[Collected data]
=== Section Start ===

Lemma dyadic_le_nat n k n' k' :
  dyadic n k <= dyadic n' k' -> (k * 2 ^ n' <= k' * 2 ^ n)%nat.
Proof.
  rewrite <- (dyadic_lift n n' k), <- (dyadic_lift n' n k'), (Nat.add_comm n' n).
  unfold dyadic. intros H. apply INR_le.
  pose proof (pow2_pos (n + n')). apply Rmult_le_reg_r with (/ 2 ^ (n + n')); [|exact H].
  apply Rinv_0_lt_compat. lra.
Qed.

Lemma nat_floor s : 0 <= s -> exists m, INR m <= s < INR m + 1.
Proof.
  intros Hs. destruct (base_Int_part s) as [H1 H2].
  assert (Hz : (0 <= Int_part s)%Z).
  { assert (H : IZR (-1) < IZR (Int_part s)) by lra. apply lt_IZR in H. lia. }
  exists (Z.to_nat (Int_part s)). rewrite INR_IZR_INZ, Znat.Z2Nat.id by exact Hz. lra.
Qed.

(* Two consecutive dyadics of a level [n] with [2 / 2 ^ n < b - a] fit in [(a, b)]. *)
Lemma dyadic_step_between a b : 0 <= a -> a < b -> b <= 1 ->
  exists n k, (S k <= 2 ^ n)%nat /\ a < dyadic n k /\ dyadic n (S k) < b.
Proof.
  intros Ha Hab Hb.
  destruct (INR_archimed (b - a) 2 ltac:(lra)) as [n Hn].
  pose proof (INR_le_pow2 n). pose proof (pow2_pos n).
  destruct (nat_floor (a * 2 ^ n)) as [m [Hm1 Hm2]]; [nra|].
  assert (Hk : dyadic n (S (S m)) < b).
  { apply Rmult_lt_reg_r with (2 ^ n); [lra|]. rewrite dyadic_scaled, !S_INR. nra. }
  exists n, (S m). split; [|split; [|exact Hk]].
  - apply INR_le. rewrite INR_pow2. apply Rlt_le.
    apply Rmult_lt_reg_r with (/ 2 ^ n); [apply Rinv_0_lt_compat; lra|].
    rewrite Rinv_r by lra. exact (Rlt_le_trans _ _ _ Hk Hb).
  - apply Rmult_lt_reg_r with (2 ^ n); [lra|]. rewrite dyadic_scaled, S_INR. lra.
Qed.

=== Section End ===

What you are asked to do: Copy the entries above exactly, but only from the line holding "pose proof (pow2_pos (n" through the line holding "pose proof (INR_le_pow2", both included.

Result of this exercise:
  pose proof (pow2_pos (n + n')). apply Rmult_le_reg_r with (/ 2 ^ (n + n')); [|exact H].
  apply Rinv_0_lt_compat. lra.
Qed.

Lemma nat_floor s : 0 <= s -> exists m, INR m <= s < INR m + 1.
Proof.
  intros Hs. destruct (base_Int_part s) as [H1 H2].
  assert (Hz : (0 <= Int_part s)%Z).
  { assert (H : IZR (-1) < IZR (Int_part s)) by lra. apply lt_IZR in H. lia. }
  exists (Z.to_nat (Int_part s)). rewrite INR_IZR_INZ, Znat.Z2Nat.id by exact Hz. lra.
Qed.

(* Two consecutive dyadics of a level [n] with [2 / 2 ^ n < b - a] fit in [(a, b)]. *)
Lemma dyadic_step_between a b : 0 <= a -> a < b -> b <= 1 ->
  exists n k, (S k <= 2 ^ n)%nat /\ a < dyadic n k /\ dyadic n (S k) < b.
Proof.
  intros Ha Hab Hb.
  destruct (INR_archimed (b - a) 2 ltac:(lra)) as [n Hn].
  pose proof (INR_le_pow2 n). pose proof (pow2_pos n).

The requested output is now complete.